# More Div.Alg.

1. Jul 22, 2012

### MAGICMATHS

I am trying to solve how an integer is simultaneously that is simultaneously a square and a cube number must be either of the form 7k or 7k+1 and im failing when i work (7k+2)^2, even (7k+3)^2.............Can i interpret 7k+1 as 7k+(-1), i think i cant but then i fail in many steps!! Also i know that any square number can be expressed as 3k or 3k+1...IS THERE SOMETHING SIMILAR FOR THE CUBIC PLEASE?

2. Jul 22, 2012

### Curious3141

The easiest way is using Fermat's Little Theorem.
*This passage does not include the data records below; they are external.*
(* Let $S=(s_{jl})\in\mathbb{C}^{4\times4}$ be Hermitian and $\varepsilon\in\{1,-1\}$. The multiset of roots (counted with multiplicity) of the quadratic polynomial $d\mapsto d^2+2p(\theta_1,\theta_2)\,d+q(\theta_1,\theta_2)$ is independent of $(\theta_1,\theta_2)\in(-\pi,\pi]^2$ if and only if $s_{12}=s_{34}=0$ and at most one of the four numbers $s_{13},s_{14},s_{23},s_{24}$ is nonzero.
   Context: Let $S=(s_{jl})_{j,l=1}^4$ be a Hermitian $4\times4$ complex matrix (so $s_{jj}\in\mathbb{R}$ and $s_{lj}=\overline{s_{jl}}$) and $\varepsilon\in\{1,-1\}$. For $\theta_1,\theta_2\in\mathbb{R}$ define $$p=-\tfrac12\Big[s_{11}+s_{22}+s_{33}+s_{44}+2\varepsilon\operatorname{Re}(s_{12}\mathrm{e}^{i\theta_1})+2\varepsilon\operatorname{Re}(s_{34}\mathrm{e}^{i\theta_2})\Big],$$ $$\begin{aligned}q={}&-\big(|s_{13}|^2-s_{11}s_{33}+|s_{14}|^2-s_{11}s_{44}+|s_{23}|^2-s_{22}s_{33}+|s_{24}|^2-s_{22}s_{44}\big)\\&-2\varepsilon\Big[-(s_{33}+s_{44})\operatorname{Re}(s_{12}\mathrm{e}^{i\theta_1})+\operatorname{Re}\big((s_{13}\overline{s_{23}}+s_{14}\overline{s_{24}})\mathrm{e}^{i\theta_1}\big)\\&\qquad-(s_{11}+s_{22})\operatorname{Re}(s_{34}\mathrm{e}^{i\theta_2})+\operatorname{Re}\big((\overline{s_{13}}s_{14}+\overline{s_{23}}s_{24})\mathrm{e}^{i\theta_2}\big)\Big]\\&-2\operatorname{Re}\big((s_{14}\overline{s_{23}}-s_{12}s_{34})\mathrm{e}^{i(\theta_1+\theta_2)}\big)-2\operatorname{Re}\big((s_{13}\overline{s_{24}}-s_{12}\overline{s_{34}})\mathrm{e}^{i(\theta_1-\theta_2)}\big).\end{aligned}$$ *)

From Stdlib Require Import Reals Lra.
Open Scope R_scope.

Definition Cx : Type := (R * R)%type.
Definition Cre (z : Cx) : R := fst z.
Definition Cim (z : Cx) : R := snd z.
Definition C0 : Cx := (0, 0).
Definition RtoC (x : R) : Cx := (x, 0).
Definition Cadd (z w : Cx) : Cx := (fst z + fst w, snd z + snd w).
Definition Csub (z w : Cx) : Cx := (fst z - fst w, snd z - snd w).
Definition Cmul (z w : Cx) : Cx :=
  (fst z * fst w - snd z * snd w, fst z * snd w + snd z * fst w).
Definition Cconj (z : Cx) : Cx := (fst z, - snd z).
Definition Cnorm2 (z : Cx) : R := fst z * fst z + snd z * snd z.
Definition Cexpi (t : R) : Cx := (cos t, sin t).

(* A 4x4 complex matrix, entries s j l for 1 <= j, l <= 4. *)
Definition hermitian4 (s : nat -> nat -> Cx) : Prop :=
  forall j l, (1 <= j <= 4)%nat -> (1 <= l <= 4)%nat -> s l j = Cconj (s j l).

Definition pfun (s : nat -> nat -> Cx) (eps t1 t2 : R) : R :=
  - (1/2) * ( Cre (s 1%nat 1%nat) + Cre (s 2%nat 2%nat) + Cre (s 3%nat 3%nat)
              + Cre (s 4%nat 4%nat)
              + 2 * eps * Cre (Cmul (s 1%nat 2%nat) (Cexpi t1))
              + 2 * eps * Cre (Cmul (s 3%nat 4%nat) (Cexpi t2)) ).

Definition qfun (s : nat -> nat -> Cx) (eps t1 t2 : R) : R :=
  let s11 := Cre (s 1%nat 1%nat) in let s22 := Cre (s 2%nat 2%nat) in
  let s33 := Cre (s 3%nat 3%nat) in let s44 := Cre (s 4%nat 4%nat) in
  let s12 := s 1%nat 2%nat in let s13 := s 1%nat 3%nat in
  let s14 := s 1%nat 4%nat in let s23 := s 2%nat 3%nat in
  let s24 := s 2%nat 4%nat in let s34 := s 3%nat 4%nat in
  - ( Cnorm2 s13 - s11 * s33 + Cnorm2 s14 - s11 * s44
      + Cnorm2 s23 - s22 * s33 + Cnorm2 s24 - s22 * s44 )
  - 2 * eps * ( - (s33 + s44) * Cre (Cmul s12 (Cexpi t1))
                + Cre (Cmul (Cadd (Cmul s13 (Cconj s23)) (Cmul s14 (Cconj s24)))
                            (Cexpi t1))
                - (s11 + s22) * Cre (Cmul s34 (Cexpi t2))
                + Cre (Cmul (Cadd (Cmul (Cconj s13) s14) (Cmul (Cconj s23) s24))
                            (Cexpi t2)) )
  - 2 * Cre (Cmul (Csub (Cmul s14 (Cconj s23)) (Cmul s12 s34)) (Cexpi (t1 + t2)))
  - 2 * Cre (Cmul (Csub (Cmul s13 (Cconj s24)) (Cmul s12 (Cconj s34)))
                  (Cexpi (t1 - t2))).

Definition quadpoly (p q : R) (d : Cx) : Cx :=
  Cadd (Cadd (Cmul d d) (Cmul (RtoC (2 * p)) d)) (RtoC q).

(* r1, r2 are the roots, counted with multiplicity, of the monic quadratic:
   the polynomial factors as (d - r1)(d - r2). *)
Definition roots_are (p q : R) (r1 r2 : Cx) : Prop :=
  forall d : Cx, quadpoly p q d = Cmul (Csub d r1) (Csub d r2).

Definition same_multiset2 (a1 a2 b1 b2 : Cx) : Prop :=
  (a1 = b1 /\ a2 = b2) \/ (a1 = b2 /\ a2 = b1).

Definition in_angle (t : R) : Prop := - PI < t <= PI.

Definition roots_independent (s : nat -> nat -> Cx) (eps : R) : Prop :=
  forall t1 t2 u1 u2 r1 r2 r1' r2',
    in_angle t1 -> in_angle t2 -> in_angle u1 -> in_angle u2 ->
    roots_are (pfun s eps t1 t2) (qfun s eps t1 t2) r1 r2 ->
    roots_are (pfun s eps u1 u2) (qfun s eps u1 u2) r1' r2' ->
    same_multiset2 r1 r2 r1' r2'.

Definition at_most_one_nonzero (a b c d : Cx) : Prop :=
  (a = C0 \/ b = C0) /\ (a = C0 \/ c = C0) /\ (a = C0 \/ d = C0) /\
  (b = C0 \/ c = C0) /\ (b = C0 \/ d = C0) /\ (c = C0 \/ d = C0).

(* By Vieta's formulas the multiset of roots determines p and q, so the roots
   are independent of (θ1, θ2) exactly when p and q are.  Both are real
   trigonometric polynomials in the frequencies θ1, θ2, θ1 + θ2, θ1 - θ2, which
   are constant only if all their coefficients vanish.  For p this gives
   s12 = s34 = 0; then the coefficients of q are ε(s13 s̄23 + s14 s̄24),
   ε(s̄13 s14 + s̄23 s24), s14 s̄23 and s13 s̄24, and these all vanish exactly
   when at most one of s13, s14, s23, s24 is nonzero. *)

From Stdlib Require Import Reals Lra Psatz.
Open Scope R_scope.

Lemma Cx_ext (z w : Cx) : fst z = fst w -> snd z = snd w -> z = w.
Proof. destruct z, w; simpl; intros -> ->; reflexivity. Qed.

Lemma Cmul_C0_r (z : Cx) : Cmul z C0 = C0.
Proof. apply Cx_ext; unfold Cmul, C0; simpl; ring. Qed.

Lemma Cmul_eq0 (z w : Cx) : Cmul z w = C0 -> z = C0 \/ w = C0.
Proof.
  destruct z as [a b], w as [c d]; unfold Cmul, C0; simpl; intros [= H1 H2].
  assert (Hn : (a * a + b * b) * (c * c + d * d) = 0) by nra.
  destruct (Rmult_integral _ _ Hn); [left | right]; apply Cx_ext; simpl; nra.
Qed.

Lemma Cconj_eq0 (z : Cx) : Cconj z = C0 -> z = C0.
Proof. destruct z; unfold Cconj, C0; intros [= -> H]; f_equal; lra. Qed.

Lemma Cmul_conjr_eq0 (z w : Cx) : Cmul z (Cconj w) = C0 -> z = C0 \/ w = C0.
Proof. intros [|H]%Cmul_eq0; [left | right; apply Cconj_eq0]; assumption. Qed.

Lemma Cmul_conjl_eq0 (z w : Cx) : Cmul (Cconj z) w = C0 -> z = C0 \/ w = C0.
Proof. intros [H|]%Cmul_eq0; [left; apply Cconj_eq0 | right]; assumption. Qed.

Lemma Cmul_RtoC_eq0 (x : R) (z : Cx) : x <> 0 -> Cmul (RtoC x) z = C0 -> z = C0.
Proof.
  intros Hx [H|]%Cmul_eq0; [|assumption].
  unfold RtoC, C0 in H; injection H; contradiction.
Qed.

Lemma roots_are_exists (p q : R) : exists r1 r2, roots_are p q r1 r2.
Proof.
  destruct (Rle_dec 0 (p * p - q)) as [Hd|Hd].
  - pose proof (sqrt_sqrt _ Hd) as Hs.
    exists (- p + sqrt (p * p - q), 0), (- p - sqrt (p * p - q), 0); intros [x y].
    apply Cx_ext; unfold quadpoly, Cadd, Cmul, Csub, RtoC; simpl; lra.
  - assert (Hd' : 0 <= q - p * p) by lra; pose proof (sqrt_sqrt _ Hd') as Hs.
    exists (- p, sqrt (q - p * p)), (- p, - sqrt (q - p * p)); intros [x y].
    apply Cx_ext; unfold quadpoly, Cadd, Cmul, Csub, RtoC; simpl; lra.
Qed.

Lemma roots_are_vieta (p q : R) (r1 r2 : Cx) :
  roots_are p q r1 r2 -> Cadd r1 r2 = RtoC (- (2 * p)) /\ Cmul r1 r2 = RtoC q.
Proof.
  intro H; pose proof (H (0, 0)) as H0; pose proof (H (1, 0)) as H1.
  destruct r1 as [a b], r2 as [c d].
  unfold quadpoly, Cadd, Cmul, Csub, RtoC in H0, H1; simpl in H0, H1.
  injection H0 as H0a H0b; injection H1 as H1a H1b.
  split; apply Cx_ext; unfold Cadd, Cmul, RtoC; simpl; lra.
Qed.

Lemma roots_are_unique (p q : R) (r1 r2 r1' r2' : Cx) :
  roots_are p q r1 r2 -> roots_are p q r1' r2' -> same_multiset2 r1 r2 r1' r2'.
Proof.
  intros H H'.
  assert (Hroot : Cmul (Csub r1 r1') (Csub r1 r2') = C0).
  { rewrite <- H', H.
    destruct r1, r2; apply Cx_ext; unfold Cmul, Csub, C0; simpl; ring. }
  destruct (roots_are_vieta _ _ _ _ H) as [Hsum _].
  destruct (roots_are_vieta _ _ _ _ H') as [Hsum' _].
  rewrite <- Hsum' in Hsum; clear H H' Hsum'.
  destruct r1 as [a1 b1], r2 as [a2 b2], r1' as [c1 d1], r2' as [c2 d2].
  unfold Cadd in Hsum; simpl in Hsum; injection Hsum as Hsa Hsb.
  destruct (Cmul_eq0 _ _ Hroot) as [E|E]; unfold Csub, C0 in E; injection E as Ea Eb;
    [left | right]; split; apply Cx_ext; simpl; lra.
Qed.

Lemma roots_are_coeffs (p q p' q' : R) (r1 r2 r1' r2' : Cx) :
  roots_are p q r1 r2 -> roots_are p' q' r1' r2' ->
  same_multiset2 r1 r2 r1' r2' -> p = p' /\ q = q'.
Proof.
  intros [Hs Hp]%roots_are_vieta [Hs' Hp']%roots_are_vieta Hm.
  assert (Es : Cadd r1 r2 = Cadd r1' r2' /\ Cmul r1 r2 = Cmul r1' r2').
  { destruct Hm as [[-> ->]|[-> ->]]; [split; reflexivity|].
    destruct r1', r2'; split; apply Cx_ext; unfold Cadd, Cmul; simpl; ring. }
  destruct Es as [Es Ep]; rewrite Hs, Hs' in Es; rewrite Hp, Hp' in Ep.
  unfold RtoC in Es, Ep; injection Es; injection Ep; lra.
Qed.

Lemma roots_independent_iff (s : nat -> nat -> Cx) (eps : R) :
  roots_independent s eps <->
  (forall t1 t2, in_angle t1 -> in_angle t2 ->
     pfun s eps t1 t2 = pfun s eps 0 0 /\ qfun s eps t1 t2 = qfun s eps 0 0).
Proof.
  assert (H0 : in_angle 0) by (unfold in_angle; pose proof PI_RGT_0; lra).
  split.
  - intros Hind t1 t2 h1 h2.
    destruct (roots_are_exists (pfun s eps t1 t2) (qfun s eps t1 t2)) as (r1 & r2 & Hr).
    destruct (roots_are_exists (pfun s eps 0 0) (qfun s eps 0 0)) as (r1' & r2' & Hr').
    exact (roots_are_coeffs _ _ _ _ _ _ _ _ Hr Hr' (Hind _ _ _ _ _ _ _ _ h1 h2 H0 H0 Hr Hr')).
  - intros Hc t1 t2 u1 u2 r1 r2 r1' r2' h1 h2 k1 k2 Hr Hr'.
    destruct (Hc _ _ h1 h2) as [Ep Eq]; rewrite Ep, Eq in Hr.
    destruct (Hc _ _ k1 k2) as [Ep' Eq']; rewrite Ep', Eq' in Hr'.
    exact (roots_are_unique _ _ _ _ _ _ Hr Hr').
Qed.

Definition trig2 (a b c d : Cx) (t1 t2 : R) : R :=
  Cre (Cmul a (Cexpi t1)) + Cre (Cmul b (Cexpi t2))
  + Cre (Cmul c (Cexpi (t1 + t2))) + Cre (Cmul d (Cexpi (t1 - t2))).

Lemma trig2_0 (t1 t2 : R) : trig2 C0 C0 C0 C0 t1 t2 = 0.
Proof. unfold trig2, Cre, Cmul, C0; simpl; ring. Qed.

Lemma trig2_const_coeffs_eq0 (a b c d : Cx) :
  (forall t1 t2, in_angle t1 -> in_angle t2 -> trig2 a b c d t1 t2 = trig2 a b c d 0 0) ->
  a = C0 /\ b = C0 /\ c = C0 /\ d = C0.
Proof.
  intro H.
  (* Sampling at θ1, θ2 in {0, ±π/2, π} already gives enough linear equations. *)
  assert (A0 : in_angle 0) by (unfold in_angle; pose proof PI_RGT_0; lra).
  assert (A1 : in_angle (PI / 2)) by (unfold in_angle; pose proof PI_RGT_0; lra).
  assert (A2 : in_angle PI) by (unfold in_angle; pose proof PI_RGT_0; lra).
  assert (A3 : in_angle (- (PI / 2))) by (unfold in_angle; pose proof PI_RGT_0; lra).
  pose proof (H _ _ A0 A1); pose proof (H _ _ A0 A2); pose proof (H _ _ A0 A3);
  pose proof (H _ _ A1 A0); pose proof (H _ _ A1 A1); pose proof (H _ _ A1 A2);
  pose proof (H _ _ A1 A3); pose proof (H _ _ A2 A0); pose proof (H _ _ A2 A1);
  pose proof (H _ _ A2 A2); pose proof (H _ _ A2 A3); pose proof (H _ _ A3 A0);
  pose proof (H _ _ A3 A1); pose proof (H _ _ A3 A2); pose proof (H _ _ A3 A3).
  clear H A0 A1 A2 A3.
  destruct a, b, c, d; unfold trig2, Cre, Cmul, Cexpi, C0 in *; simpl in *.
  rewrite ?cos_plus, ?sin_plus, ?cos_minus, ?sin_minus, ?cos_neg, ?sin_neg, ?cos_0,
    ?sin_0, ?cos_PI2, ?sin_PI2, ?cos_PI, ?sin_PI, ?Rplus_0_r, ?Rminus_0_r in *.
  repeat split; f_equal; lra.
Qed.

Lemma pfun_trig2 (s : nat -> nat -> Cx) (eps t1 t2 u1 u2 : R) :
  let a := Cmul (RtoC eps) (s 1%nat 2%nat) in
  let b := Cmul (RtoC eps) (s 3%nat 4%nat) in
  pfun s eps t1 t2 + trig2 a b C0 C0 t1 t2 = pfun s eps u1 u2 + trig2 a b C0 C0 u1 u2.
Proof.
  intros a b; subst a b.
  unfold pfun, trig2, Cre, Cmul, Cexpi, RtoC, C0; simpl; field.
Qed.

Lemma qfun_trig2 (s : nat -> nat -> Cx) (eps t1 t2 u1 u2 : R) :
  s 1%nat 2%nat = C0 -> s 3%nat 4%nat = C0 ->
  let a := s 1%nat 3%nat in let b := s 1%nat 4%nat in
  let c := s 2%nat 3%nat in let d := s 2%nat 4%nat in
  let A := Cmul (RtoC eps) (Cadd (Cmul a (Cconj c)) (Cmul b (Cconj d))) in
  let B := Cmul (RtoC eps) (Cadd (Cmul (Cconj a) b) (Cmul (Cconj c) d)) in
  let C := Cmul b (Cconj c) in let D := Cmul a (Cconj d) in
  qfun s eps t1 t2 + 2 * trig2 A B C D t1 t2 = qfun s eps u1 u2 + 2 * trig2 A B C D u1 u2.
Proof.
  intros H12 H34 a b c d A B C D; subst a b c d A B C D; unfold qfun; rewrite H12, H34.
  unfold trig2, Cre, Cmul, Cadd, Csub, Cconj, Cexpi, RtoC, C0; simpl; ring.
Qed.

Lemma cross_terms_eq0_iff (a b c d : Cx) :
  (Cadd (Cmul a (Cconj c)) (Cmul b (Cconj d)) = C0 /\
   Cadd (Cmul (Cconj a) b) (Cmul (Cconj c) d) = C0 /\
   Cmul b (Cconj c) = C0 /\ Cmul a (Cconj d) = C0)
  <-> at_most_one_nonzero a b c d.
Proof.
  unfold at_most_one_nonzero; split.
  - intros (HA & HB & HC & HD).
    destruct (Cmul_conjr_eq0 _ _ HC) as [-> | ->], (Cmul_conjr_eq0 _ _ HD) as [-> | ->].
    + enough (c = C0 \/ d = C0) by tauto.
      apply Cmul_conjl_eq0; rewrite <- HB; destruct c, d; apply Cx_ext;
        unfold Cadd, Cmul, Cconj, C0; simpl; ring.
    + enough (a = C0 \/ c = C0) by tauto.
      apply Cmul_conjr_eq0; rewrite <- HA; destruct a, c; apply Cx_ext;
        unfold Cadd, Cmul, Cconj, C0; simpl; ring.
    + enough (b = C0 \/ d = C0) by tauto.
      apply Cmul_conjr_eq0; rewrite <- HA; destruct b, d; apply Cx_ext;
        unfold Cadd, Cmul, Cconj, C0; simpl; ring.
    + enough (a = C0 \/ b = C0) by tauto.
      apply Cmul_conjl_eq0; rewrite <- HB; destruct a, b; apply Cx_ext;
        unfold Cadd, Cmul, Cconj, C0; simpl; ring.
  - intros (H1 & H2 & H3 & H4 & H5 & H6).
    destruct H1, H2, H3, H4, H5, H6; subst; repeat split;
      apply Cx_ext; unfold Cadd, Cmul, Cconj, C0; simpl; ring.
Qed.

Lemma coeffs_const_iff (s : nat -> nat -> Cx) (eps : R) : eps <> 0 ->
  (forall t1 t2, in_angle t1 -> in_angle t2 ->
     pfun s eps t1 t2 = pfun s eps 0 0 /\ qfun s eps t1 t2 = qfun s eps 0 0) <->
  (s 1%nat 2%nat = C0 /\ s 3%nat 4%nat = C0 /\
   Cadd (Cmul (s 1%nat 3%nat) (Cconj (s 2%nat 3%nat)))
        (Cmul (s 1%nat 4%nat) (Cconj (s 2%nat 4%nat))) = C0 /\
   Cadd (Cmul (Cconj (s 1%nat 3%nat)) (s 1%nat 4%nat))
        (Cmul (Cconj (s 2%nat 3%nat)) (s 2%nat 4%nat)) = C0 /\
   Cmul (s 1%nat 4%nat) (Cconj (s 2%nat 3%nat)) = C0 /\
   Cmul (s 1%nat 3%nat) (Cconj (s 2%nat 4%nat)) = C0).
Proof.
  intro Heps; split.
  - intro Hc.
    edestruct trig2_const_coeffs_eq0 as (H12 & H34 & _).
    { intros t1 t2 h1 h2; pose proof (pfun_trig2 s eps t1 t2 0 0) as Hp; cbv zeta in Hp.
      rewrite (proj1 (Hc _ _ h1 h2)) in Hp; apply Rplus_eq_reg_l in Hp; exact Hp. }
    apply Cmul_RtoC_eq0 in H12, H34; try exact Heps.
    edestruct trig2_const_coeffs_eq0 as (HA & HB & HC & HD).
    { intros t1 t2 h1 h2; pose proof (qfun_trig2 s eps t1 t2 0 0 H12 H34) as Hq; cbv zeta in Hq.
      rewrite (proj2 (Hc _ _ h1 h2)) in Hq; apply Rplus_eq_reg_l, Rmult_eq_reg_l in Hq;
        [exact Hq | discrR]. }
    apply Cmul_RtoC_eq0 in HA, HB; try exact Heps.
    repeat split; assumption.
  - intros (H12 & H34 & HA & HB & HC & HD) t1 t2 _ _; split.
    + pose proof (pfun_trig2 s eps t1 t2 0 0) as Hp; cbv zeta in Hp.
      rewrite H12, H34, Cmul_C0_r, !trig2_0 in Hp; lra.
    + pose proof (qfun_trig2 s eps t1 t2 0 0 H12 H34) as Hq; cbv zeta in Hq.
      rewrite HA, HB, HC, HD, Cmul_C0_r, !trig2_0 in Hq; lra.
Qed.

Theorem mainTheorem13 (s : nat -> nat -> Cx) (eps : R) :
  hermitian4 s -> (eps = 1 \/ eps = -1) ->
  (roots_independent s eps <->
   (s 1%nat 2%nat = C0 /\ s 3%nat 4%nat = C0 /\
    at_most_one_nonzero (s 1%nat 3%nat) (s 1%nat 4%nat)
                        (s 2%nat 3%nat) (s 2%nat 4%nat))).
Proof.
  intros _ Heps.
  assert (Heps0 : eps <> 0) by (destruct Heps; lra).
  rewrite roots_independent_iff, (coeffs_const_iff s eps Heps0), <- cross_terms_eq0_iff.
  tauto.
Qed.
Let a be any integer. If a is both a square and a cube, it is a sixth power.

By Fermat's Little Theorem,

$$a^7 \equiv a \pmod 7$$

Two cases:

Case 1: $7 \nmid a$

Hence, $a^6 \equiv 1 \pmod 7 \Rightarrow a^6 = 7k + 1, k \in \mathbb{Z}$.

Case 2: $7 | a$

Hence, $a^6 \equiv 0 \pmod 7 \Rightarrow a^6 = 7k, k \in \mathbb{Z}$.

So $a^6$ is either of the form $7k$ or $7k + 1$ (QED).

You can construct something exactly like this for the squares modulo 3, and indeed generalise it for any (p-1)th power modulo a prime p.

Do you think the analogous statement for cubes would be true, given that 4 is composite?

Last edited: Jul 22, 2012
3. Jul 22, 2012

### MAGICMATHS

I dont know Fermat`s little Theory, i just started number theory to be honest ..is there a possibility using div alg pls?

4. Jul 22, 2012

### Curious3141

Well, you could use the longer method presented here: http://www.mathyards.com/vb/showthread.php?691-Division-Algorithm-help [Broken]!

Last edited by a moderator: May 6, 2017
5. Jul 22, 2012

### Curious3141

MagicMaths, if this is homework or coursework, could you please post it in the appropriate homework forum (precalculus mathematics) in future, please?